Har­te Fron­ten am Al­pen­rhein

Interessenkonflikte um Hochwasserschutz und Renaturierung

Zum Schutz vor Hochwasser soll der Alpenrhein auf dem untersten Abschnitt aufgeweitet und renaturiert werden. Die Interessen von Umweltorganisationen, Trinkwasserversorgern und Bauern liegen jedoch weit auseinander.

Publikationsdatum
17-02-2016
Revision
17-02-2016

Ein Jahrhunderthochwasser des Alpenrheins könnte im unteren Rheintal einen Schaden von über fünf Milliarden Schweizer Franken anrichten. 200'000 Menschen wären betroffen. Zwar finde statistisch gesehen ein solches Jahrhundertereignis «nur» alle 300 Jahre statt, trotzdem kann eine Hochwasserkatastrophe laut Experten jederzeit eintreffen. Die Internationale Rheinregulierung (IRR) hat deshalb das Projekt Rhesi (Rhein - Erholung und Sicherheit) gestartet. Dieses soll Defizite beim Hochwasserschutz auf der Internationalen Rheinstrecke lösen. Bauliche Massnahmen können die Abflusskapazität auf dem 26 km langen Abschnitt zwischen Oberriet SG und Bodensee stark erhöhen. Damit mehr Wasser Platz hat und die Fliessgeschwindigkeit sinkt, wird das Flussbett innerhalb der bestehenden Dämme aufgeweitet. Das Grossprojekt, an dem sich Österreich und die Schweiz beteiligen, kostet laut einer Schätzung der ETH Zürich mindestens 600 Mio. Franken. Es wurde vor zehn Jahren begonnen und soll in rund 20 Jahren Jahren abgeschlossen sein.

Vernehmlassung beendet

Die Anforderungen an Rhesi sind vielfältig: Der «neue Rhein» soll zu einem Naherholungsgebiet für die Bevölkerung werden, ohne die bestehenden Nutzungen - zum Beispiel durch die Landwirtschaft - stark zu beeinträchtigen. Zudem muss das Projekt die ökologische Situation des Rheins verbessern, schreiben die gesetzlichen Bestimmungen beider Länder vor. Mitte Februar ist nun die Frist abgelaufen, während der sich Gemeinden und Interessengruppen zu «Rhesi» äussern konnten. Wie die Vernehmlassung gezeigt hat, liegen die Interessen von Landwirten, Trinkwasserversorgern und Umweltverbänden jedoch weit auseinander.

Die Umweltverbände fordern eine umfangreichere Revitalisierung des Rheinabschnitts, als das Projekt vorsieht. «Der Rhein könnte mehrheitlich aus seinem Zwangskleid befreit werden.
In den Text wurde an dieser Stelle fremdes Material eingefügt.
Theorem theorem1 (p : nat) (p_prime : prime p) (p_odd : odd p) :
  diam_max (wreath p) <= 20 * (p - 1).
Proof.
apply/bigmax_leqP=> X /eqP genX; have [x Xx x_top] := gen_wreath_top_neq0 genX.
apply: leq_trans (cayley_diam_wreath p_prime genX Xx x_top) _.
have := prime_gt1 p_prime; lia.
Qed.
(* irreducibility of a nonnegative square matrix (Horn--Johnson): its
   directed graph is strongly connected, i.e. for all i j some positive power
   has a positive (i,j) entry. *)
Definition irreducible_mx (C : numDomainType) (n : nat) (M : 'M[C]_n) : Prop :=
  forall i j : 'I_n, exists k : nat, (0 < k)%N /\ 0 < (M ^+ k) i j.

Definition maxr (C : numDomainType) (x y : C) : C := if x <= y then y else x.

Definition specrad (C : numClosedFieldType) (n : nat) (M : 'M[C]_n) : C :=
  \big[@maxr C/0]_(z <- sval (closed_field_poly_normal (char_poly M))) `|z|.

Definition beta_star (C : numClosedFieldType) (N : nat) (K : 'I_N -> nat)
  (g : forall i : 'I_N, 'I_(K i) -> 'I_N -> C) (mu : 'I_N -> C) : C :=
  1 / \big[@maxr C/0]_(c : choice_t K) specrad (1%:M - Gmat g mu c).

Definition is_sup (C : numDomainType) (S : C -> Prop) (s : C) : Prop :=
  (forall b, S b -> b <= s) /\ (forall u, (forall b, S b -> b <= u) -> s <= u).

From HB Require Import structures.
From mathcomp Require Import all_boot all_order all_algebra.
Set Implicit Arguments. Unset Strict Implicit. Unset Printing Implicit Defensive.
Import Order.TTheory GRing.Theory Num.Theory.
Local Open Scope ring_scope.
Definition Wcomb (n : nat) (a : int) : R := \sum_(t < n.+1) ecoef x y n t * Wpos t a.

Lemma Wcomb_widen n N a : (n < N)%N -> Wcomb n a = \sum_(t < N) ecoef x y n t * Wpos t a.
Proof.
move=> n_lt; rewrite /Wcomb (big_ord_widen N (fun t => ecoef x y n t * Wpos t a) n_lt).
rewrite big_mkcond; apply: eq_bigr => t _; case: ltnP => // t_gt.
by rewrite ecoef_gt ?mul0r.
Qed.

Lemma Wcomb_rec n a :
  Wcomb n.+2 a = transfer x y true (Wcomb n.+1) a - (x + y) * Wcomb n.+1 a - x * y * Wcomb n a.
Proof.
have n_lt : (n < n.+3)%N by lia.
rewrite (@Wcomb_widen n.+1 n.+3) // (@Wcomb_widen n n.+3) // /Wcomb.
under eq_bigr => t _ do rewrite ecoef_rec !mulrBl.
rewrite !big_split /= !sumrN big_ord_recl /= mul0r add0r !mulr_sumr.
congr (_ - _ - _); last by apply: eq_bigr => t _; rewrite mulrA.
  by rewrite transfer_sum; apply: eq_bigr => t _; rewrite transferZ add0n.
by apply: eq_bigr => t _; rewrite mulrA.
Qed.

Lemma WcombE n a : Wcomb n a = (x * y) ^+ n * ge_ind R true n a.
Proof.
suff both : forall a, Wcomb n a = (x * y) ^+ n * ge_ind R true n a
               /\ Wcomb n.+1 a = (x * y) ^+ n.+1 * ge_ind R true n.+1 a by case: (both a).
elim: n => [|n IH] {}a.
  rewrite /Wcomb !big_ord_recr !big_ord0 /= !add0r ecoef_subdiag !ecoef_diag /Wpos /=.
  rewrite transfer_ge_ind // (@ge_ind_pos_clamp _ (0 - 1)) // add0r expr0 expr1.
  by split; ring.
split; first by case: (IH a).
rewrite Wcomb_rec (IH a).2 (IH a).1.
have -> : transfer x y true (Wcomb n.+1) a
          = transfer x y true (fun b => (x * y) ^+ n.+1 * ge_ind R true n.+1 b) a.
  by apply: eq_transfer; apply: (IH _).2.
have lo : n.+1%:Z - 1 = n%:Z by lia.
have hi : n.+1%:Z + 1 = n.+2%:Z by lia.
by rewrite transferZ transfer_ge_ind // lo hi !exprS; ring.
Qed.

End ColumnRecurrence.

Section Rows.
Variables (R : fieldType) (x y : R).
Hypotheses (x0 : x != 0) (y0 : y != 0).

Lemma Wpos_Ppos i a :
  (1 + x) * (1 + y) * Wpos x y i a - Wpos x y i.+1 a = x * y * Ppos x y i a 0.
Proof.
elim: i a => [|i IH] a.
  rewrite /Wpos /= transfer_ge_ind // (@ge_ind_pos_clamp _ (0 - 1)) // add0r Ppos_0.
  rewrite /ge_ind /=; case: (leP 0 a) => a_ge0 /=; last by ring.
  have [->|a_ne0] := eqVneq a 0; first by rewrite /=; ring.
  by rewrite (_ : 1 <= a); [rewrite /=; ring | lia].
rewrite Ppos_S.
transitivity
  (transfer x y true (fun b => (1 + x) * (1 + y) * Wpos x y i b + (-1) * Wpos x y i.+1 b) a).
  by rewrite transferD !transferZ -!WposS; ring.
by rewrite -transferZ; apply: eq_transfer; rewrite -IH; ring.
Qed.

Lemma Amx_upper n (i t : 'I_n) : (i < n.-1)%N ->
  Amx x y n i t = if t == i :> nat then (1 + x) * (1 + y) / (x * y)
                  else if t == i.+1 :> nat then - 1 / (x * y) else 0.
Proof.
move=> i_lt; have i_ne : (i == n.-1 :> nat) = false by rewrite ltn_eqF.
by rewrite mxE i_lt !andbT i_ne !andFb [i == t :> nat]eq_sym [i.+1 == t :> nat]eq_sym.
Qed.

Lemma Amx_row_sum n (i : 'I_n) a : (i < n.-1)%N ->
  \sum_(t < n) Amx x y n i t * Wpos x y t a = Ppos x y i a 0.
Proof.
move=> i_lt; have i1_lt : (i.+1 < n)%N by lia.
rewrite (bigD1 i) // (bigD1 (Ordinal i1_lt)); last by apply/eqP => /(congr1 val) /esym /n_Sn.
rewrite big1 => [|t /andP[t_ne_i t_ne_i1]]; last first.
  rewrite Amx_upper //; have /negbTE -> : (t : nat) != i := t_ne_i.
  by have /negbTE -> : (t : nat) != i.+1 := t_ne_i1; rewrite mul0r.
rewrite !Amx_upper // eqxx (_ : i.+1 == i = false) ?eqxx; last by rewrite gtn_eqF.
apply: (mulfI (mulf_neq0 x0 y0)); rewrite /= -WposS -Wpos_Ppos addr0; field.
by rewrite x0 y0.
Qed.

Lemma Amx_last m (t : 'I_m.+1) :
  Amx x y m.+1 ord_max t
  = if t == m :> nat then (x * y - m%:R * (x + y)) / (x * y) else Alast x y m.+1 t.
Proof.
rewrite mxE /= ltnn !andbF eqxx /=.
by case: ltngtP => // m_lt; have := ltn_ord t; lia.
Qed.

Lemma Amx_last_row_sum m a :
  \sum_(t < m.+1) Amx x y m.+1 ord_max t * Wpos x y t a
  = Ppos x y m a 0 + (x * y) ^+ m * ge_ind R true m.+1 a.
Proof.
have xy0 : x * y != 0 by rewrite mulf_neq0.
apply: (mulfI xy0); rewrite mulr_sumr big_ord_recr /= Amx_last eqxx.
have := WcombE x y m.+1 a; rewrite /Wcomb !big_ord_recr /= ecoef_diag ecoef_subdiag -WposS => eW.
have -> : \sum_(t < m) x * y * (Amx x y m.+1 ord_max (widen_ord (leqnSn m) t) * Wpos x y t a)
          = \sum_(t < m) ecoef x y m.+1 t * Wpos x y t a.
  apply: eq_bigr => t _; have t_lt := ltn_ord t.
  by rewrite Amx_last /= ltn_eqF // mulrA xy_Alast //; lia.
have -> : \sum_(t < m) ecoef x y m.+1 t * Wpos x y t a = (x * y) ^+ m.+1 * ge_ind R true m.+1 a
            - (-1 - m.+1%:R * (x + y)) * Wpos x y m a - Wpos x y m.+1 a by rewrite -eW; ring.
rewrite [x * y * (_ + _)]mulrDr -Wpos_Ppos exprS; field.
by rewrite x0 y0.
Qed.

End Rows.

Theorem lemma12 (R : fieldType) (x y : R) (n k : nat) :
  x != 0 -> y != 0 -> (1 <= n)%N ->
  Amx x y n *m MP1 x y n k = M1 x y n k + C1 x y n k.
Proof.
move=> x0 y0; case: n => [|m] // _; apply/matrixP => i j.
rewrite [LHS]mxE [RHS]mxE [M1 _ _ _ _ _ _]mxE [C1 _ _ _ _ _ _]mxE.
have MP1_col t : MP1 x y m.+1 k t j = iter j.+1 (transfer x y true) (Wpos x y t) k%:Z.
  by rewrite mxE sumPpos_iter /Wpos -iterD addSn addnC.
have Ppos_iter t : iter j.+1 (transfer x y true) (fun b => Ppos x y t b 0) k%:Z
                   = Ppos x y (t + j).+1 k%:Z 0.
  by rewrite -(paths_iterD (Ppos_S x y)) addSn addnC.
under eq_bigr => t _ do rewrite MP1_col.
rewrite -iter_transfer_sum.
have [i_lt|i_ge] := ltnP i m.
  rewrite (eq_iter_transfer _ _ _ _ _ (fun b => Amx_row_sum x0 y0 b i_lt)) Ppos_iter.
  by rewrite addr0.
have -> : i = ord_max by apply: val_inj => /=; have := ltn_ord i; lia.
have last_row b : \sum_(t < m.+1) Amx x y m.+1 ord_max t * Wpos x y t b
                  = 1 * Ppos x y m b 0 + (x * y) ^+ m * ge_ind R true m.+1 b.
  by rewrite (Amx_last_row_sum x0 y0) mul1r.
rewrite (eq_iter_transfer _ _ _ _ _ last_row) iter_transfer_comb mul1r Ppos_iter.
by rewrite iter_transfer_ge_sumPw.
Qed.
Lemma has_sup_normc_Wk M : has_sup [set normc z | z in Wk k M].
Proof.
have [P0 P0proj P0max] := orth_proj_max_tr M k_le_n.
split; first by exists (normc (\tr (M *m P0))), (\tr (M *m P0)) => //; exists P0.
by exists (normc (\tr (M *m P0))) => _ [_ [P [Pproj ->]] <-]; exact: P0max.
Qed.

Lemma wk_ub M P : orth_proj k P -> normc (\tr (M *m P)) <= wk k M.
Proof.
move=> Pproj; apply: sup_upper_bound; first exact: has_sup_normc_Wk.
by exists (\tr (M *m P)) => //; exists P.
Qed.

Lemma wk_attained M : exists2 P, orth_proj k P & normc (\tr (M *m P)) = wk k M.
Proof.
have [P0 P0proj P0max] := orth_proj_max_tr M k_le_n.
exists P0 => //; apply/le_anti; rewrite wk_ub //=.
apply: ge_sup; first by exists (normc (\tr (M *m P0))), (\tr (M *m P0)) => //; exists P0.
by move=> _ [_ [P [Pproj ->]] <-]; exact: P0max.
Qed.

Lemma wk_ge0 M : 0 <= wk k M.
Proof. by have [P _ <-] := wk_attained M; exact: normc_ge0. Qed.

Lemma wkZ (c : R[i]) M : wk k (c *: M) = normc c * wk k M.
Proof.
apply/le_anti/andP; split.
- have [P Pproj <-] := wk_attained (c *: M).
  rewrite -scalemxAl mxtraceZ Normc.normcM.
  by apply: ler_wpM2l; [exact: normc_ge0 | exact: wk_ub].
- have [P Pproj <-] := wk_attained M.
  by rewrite -Normc.normcM -mxtraceZ scalemxAl wk_ub.
Qed.

Lemma wkD M1 M2 : wk k (M1 + M2) <= wk k M1 + wk k M2.
Proof.
have [P Pproj <-] := wk_attained (M1 + M2).
rewrite mulmxDl mxtraceD; apply: le_trans (le_normcD _ _) _.
by apply: lerD; apply: wk_ub.
Qed.
(* Every independent product contains the generators [A12] and [A21], because its conditional
   marginals are [D1] and [D2], and it is closed under [E]; this gives minimality.  For the converse, the
   key point is that if [f(X1) I_C(X2)] dominates a positive combination [g] of generators, then
   [f] is in [D1]: integrate out [X2] against a finitely supported non-negative weighting [nu] that
   is positive on all the [X2]-gambles occurring in [g] and on [I_C].  Each generator then
   integrates to an element of [D1], hence so does [g], and [f] dominates that integral divided by
   [nu(I_C)].  The same integration shows that [E] avoids non-positive gambles.  The weighting exists
   for finitely many elements of any coherent set: this is a theorem of the alternative, proved by
   Fourier-Motzkin elimination of one gamble at a time. *)

From Stdlib Require Import Reals List Classical ClassicalEpsilon FunctionalExtensionality Lra.
Open Scope R_scope.

Definition wsum {Y : Type} (nu : list (R * Y)) (g : Y -> R) : R :=
  fold_right (fun p acc => fst p * g (snd p) + acc) 0 nu.

Definition nonneg_weights {Y : Type} (nu : list (R * Y)) : Prop :=
  Forall (fun p => 0 <= fst p) nu.

Lemma wsum_app {Y : Type} (nu mu : list (R * Y)) g : wsum (nu ++ mu) g = wsum nu g + wsum mu g.
Proof. induction nu as [|p nu IH]; simpl; [ring|]. unfold wsum in *. rewrite IH. ring. Qed.

Lemma wsum_add {Y : Type} (nu : list (R * Y)) f g :
  wsum nu (fun y => f y + g y) = wsum nu f + wsum nu g.
Proof. induction nu as [|p nu IH]; simpl; [ring|]. unfold wsum in *. rewrite IH. ring. Qed.

Lemma wsum_scal {Y : Type} (nu : list (R * Y)) c g : wsum nu (fun y => c * g y) = c * wsum nu g.
Proof. induction nu as [|p nu IH]; simpl; [ring|]. unfold wsum in *. rewrite IH. ring. Qed.

Lemma wsum_scal_r {Y : Type} (nu : list (R * Y)) c g : wsum nu (fun y => g y * c) = wsum nu g * c.
Proof. induction nu as [|p nu IH]; simpl; [ring|]. unfold wsum in *. rewrite IH. ring. Qed.

Lemma wsum_zero {Y : Type} (nu : list (R * Y)) : wsum nu (fun _ => 0) = 0.
Proof. induction nu as [|p nu IH]; simpl; [ring|]. unfold wsum in *. rewrite IH. ring. Qed.

Lemma wsum_map {Y Z : Type} (nu : list (R * Z)) (F : Z -> Y) g :
  wsum (map (fun p => (fst p, F (snd p))) nu) g = wsum nu (fun z => g (F z)).
Proof. induction nu as [|p nu IH]; simpl; [ring|]. unfold wsum in *. rewrite IH. ring. Qed.

Lemma wsum_rescale {Y : Type} (nu : list (R * Y)) k g :
  wsum (map (fun p => (k * fst p, snd p)) nu) g = k * wsum nu g.
Proof. induction nu as [|p nu IH]; simpl; [ring|]. unfold wsum in *. rewrite IH. ring. Qed.

Lemma wsum_comm {Y Z : Type} (nu : list (R * Y)) (mu : list (R * Z)) (F : Y -> Z -> R) :
  wsum nu (fun y => wsum mu (F y)) = wsum mu (fun z => wsum nu (fun y => F y z)).
Proof.
  induction nu as [|p nu IH]; simpl.
  - symmetry. apply wsum_zero.
  - change (fst p * wsum mu (F (snd p)) + wsum nu (fun y => wsum mu (F y))
            = wsum mu (fun z => fst p * F (snd p) z + wsum nu (fun y => F y z))).
    rewrite IH, wsum_add, wsum_scal. reflexivity.
Qed.

Lemma wsum_nonneg {Y : Type} (nu : list (R * Y)) g :
  nonneg_weights nu -> (forall y, 0 <= g y) -> 0 <= wsum nu g.
Proof.
  intros Hnu Hg. induction Hnu as [|p nu Hp _ IH]; unfold wsum in *; simpl; [lra|].
  specialize (Hg (snd p)).
  assert (0 <= fst p * g (snd p)) by (apply Rmult_le_pos; assumption). lra.
Qed.

Lemma wsum_le {Y : Type} (nu : list (R * Y)) f g :
  nonneg_weights nu -> (forall y, f y <= g y) -> wsum nu f <= wsum nu g.
Proof.
  intros Hnu Hfg.
  assert (H : 0 <= wsum nu (fun y => g y + -1 * f y)).
  { apply wsum_nonneg; [exact Hnu|]. intros y. specialize (Hfg y). lra. }
  rewrite wsum_add, wsum_scal in H. lra.
Qed.

Definition cone {Y : Type} (P : gset Y) : Prop :=
  (forall g lam, 0 < lam -> P g -> P (fun y => lam * g y)) /\
  (forall f g, P f -> P g -> P (fun y => f y + g y)).

Lemma nonneg_multiplier {Y : Type} (c g : Y -> R) (y0 : Y) :
  0 < c y0 ->
  (forall y, 0 <= c y -> g y <= 0) ->
  (forall y z, 0 < c y -> c z < 0 -> c y * g z - c z * g y <= 0) ->
  exists l, 0 <= l /\ forall y, l * c y + g y <= 0.
Proof.
  intros Hy0 Hnonneg Hpair.
  destruct (classic (exists z, c z < 0)) as [[z0 Hz0] | Hnoneg].
  2: { exists 0. split; [lra|]. intros y. rewrite Rmult_0_l, Rplus_0_l. apply Hnonneg.
       apply Rnot_lt_le. intros Hy. apply Hnoneg. eauto. }
  (* [l] must lie between the lower bounds [g z / - c z] (for [c z < 0]) and the upper bounds
     [- g y / c y] (for [c y > 0]); the pair condition says exactly that they are ordered. *)
  set (S := fun t => exists z, c z < 0 /\ t = g z / - c z).
  assert (Hub : forall y, 0 < c y -> is_upper_bound S (- g y / c y)).
  { intros y Hy t [z [Hz ->]]. specialize (Hpair y z Hy Hz).
    apply (Rmult_le_reg_r (c y * - c z)); [nra|].
    replace (g z / - c z * (c y * - c z)) with (g z * c y) by (field; lra).
    replace (- g y / c y * (c y * - c z)) with (g y * c z) by (field; lra). nra. }
  destruct (completeness S) as [s [Hs_ub Hs_least]].
  { exists (- g y0 / c y0). apply Hub, Hy0. }
  { exists (g z0 / - c z0). exists z0. auto. }
  exists (Rmax 0 s). split; [apply Rmax_l|]. intros y.
  destruct (Rtotal_order (c y) 0) as [Hc | [Hc | Hc]].
  - assert (Hle : g y / - c y <= Rmax 0 s).
    { apply Rle_trans with s; [apply Hs_ub; exists y; auto | apply Rmax_r]. }
    apply (Rmult_le_compat_r (- c y)) in Hle; [|lra].
    replace (g y / - c y * - c y) with (g y) in Hle by (field; lra). lra.
  - rewrite Hc, Rmult_0_r, Rplus_0_l. apply Hnonneg. lra.
  - assert (Hle : Rmax 0 s <= - g y / c y).
    { apply Rmax_lub.
      + unfold Rdiv. apply Rmult_le_pos; [|left; apply Rinv_0_lt_compat; lra].
        specialize (Hnonneg y). lra.
      + apply Hs_least, Hub, Hc. }
    apply (Rmult_le_compat_r (c y)) in Hle; [|lra].
    replace (- g y / c y * c y) with (- g y) in Hle by (field; lra). lra.
Qed.

Lemma exists_dominating_scale (ps : list (R * R)) :
  Forall (fun p => 0 < snd p) ps -> exists K, 0 <= K /\ Forall (fun p => 0 < fst p + K * snd p) ps.
Proof.
  induction 1 as [|[a b] ps Hb Hpos [K [HK Hps]]]; [exists 0; split; [lra | constructor]|].
  simpl in Hb. set (K' := Rmax K (Rabs a / b + 1)).
  assert (HKK' : K <= K') by apply Rmax_l.
  exists K'. split; [lra|]. constructor.
  - simpl. assert (Hb' : (Rabs a / b + 1) * b <= K' * b) by (apply Rmult_le_compat_r; [lra | apply Rmax_r]).
    replace ((Rabs a / b + 1) * b) with (Rabs a + b) in Hb' by (field; lra).
    pose proof (Rle_abs (- a)) as Ha. rewrite Rabs_Ropp in Ha. lra.
  - rewrite Forall_forall in *. intros [a' b'] Hin.
    specialize (Hps _ Hin). specialize (Hpos _ Hin). simpl in *.
    assert (K * b' <= K' * b') by (apply Rmult_le_compat_r; lra). lra.
Qed.

Section FourierMotzkin.
Variables (Y : Type) (c : Y -> R).

Definition fm_index : Type :=
  ({y : Y | 0 <= c y} + {yz : Y * Y | 0 < c (fst yz) /\ c (snd yz) < 0})%type.

Definition fm_transform (g : Y -> R) (i : fm_index) : R :=
  match i with
  | inl y => g (proj1_sig y)
  | inr yz => let (y, z) := proj1_sig yz in c y * g z - c z * g y
  end.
Bräteln und baden wären möglich», heisst es auf der Website der Umweltplattform «Lebendiger Alpenrhein», die mit ihrer Web-Initiative «Rhein raus!» Unterschriften für eine maximale Variante der Revitalisierung des Alpenrheins sammelt. Die Verbände werfen den Gemeinden vor, sie blockierten das Projekt, weil sie ihre Trinkwasserbrunnen nicht verlegen wollten oder den Verlust von Landwirtschaftsflächen fürchteten.

Das Wasserwerk Mittelrheintal wirft im Gegenzug dem WWF vor, er betreibe Stimmungsmache mit falschen Fakten. Die Aussagen seien unseriös und torpedierten den Rhesi-Planungsprozess. Die Trinkwasserbrunnen könnten nicht einfach verlegt werden, es brauche zusätzliche Untersuchungen und Tests, um die Auswirkungen der Flussbettveränderungen auf die Grundwasserströme und die Trinkwasserversorgung zu beurteilen.

Kompromisse erhofft

Wie Markus Mähr, Projektleiter Rhesi, auf Anfrage sagte, werden die Planer die unterschiedlichen Interessen der Akteure möglichst berücksichtigen. Es brauche aber Kompromissbereitschaft von allen Seiten. «Wir werden uns dafür einsetzen, dass sich niemand dazu gezwungen fühlt, den Rechtsweg zu beschreiten», sagte der Bauingenieur, der vollamtlich als Projektleiter für die IRR tätig ist. Als nächstes erarbeiten die Planer das sogenannte Generelle Projekt. Dieser Planungsschritt, der später in beiden Staaten einer Umweltverträglichkeitsprüfung Stand halten muss, soll bis Anfang 2018 abgeschlossen sein.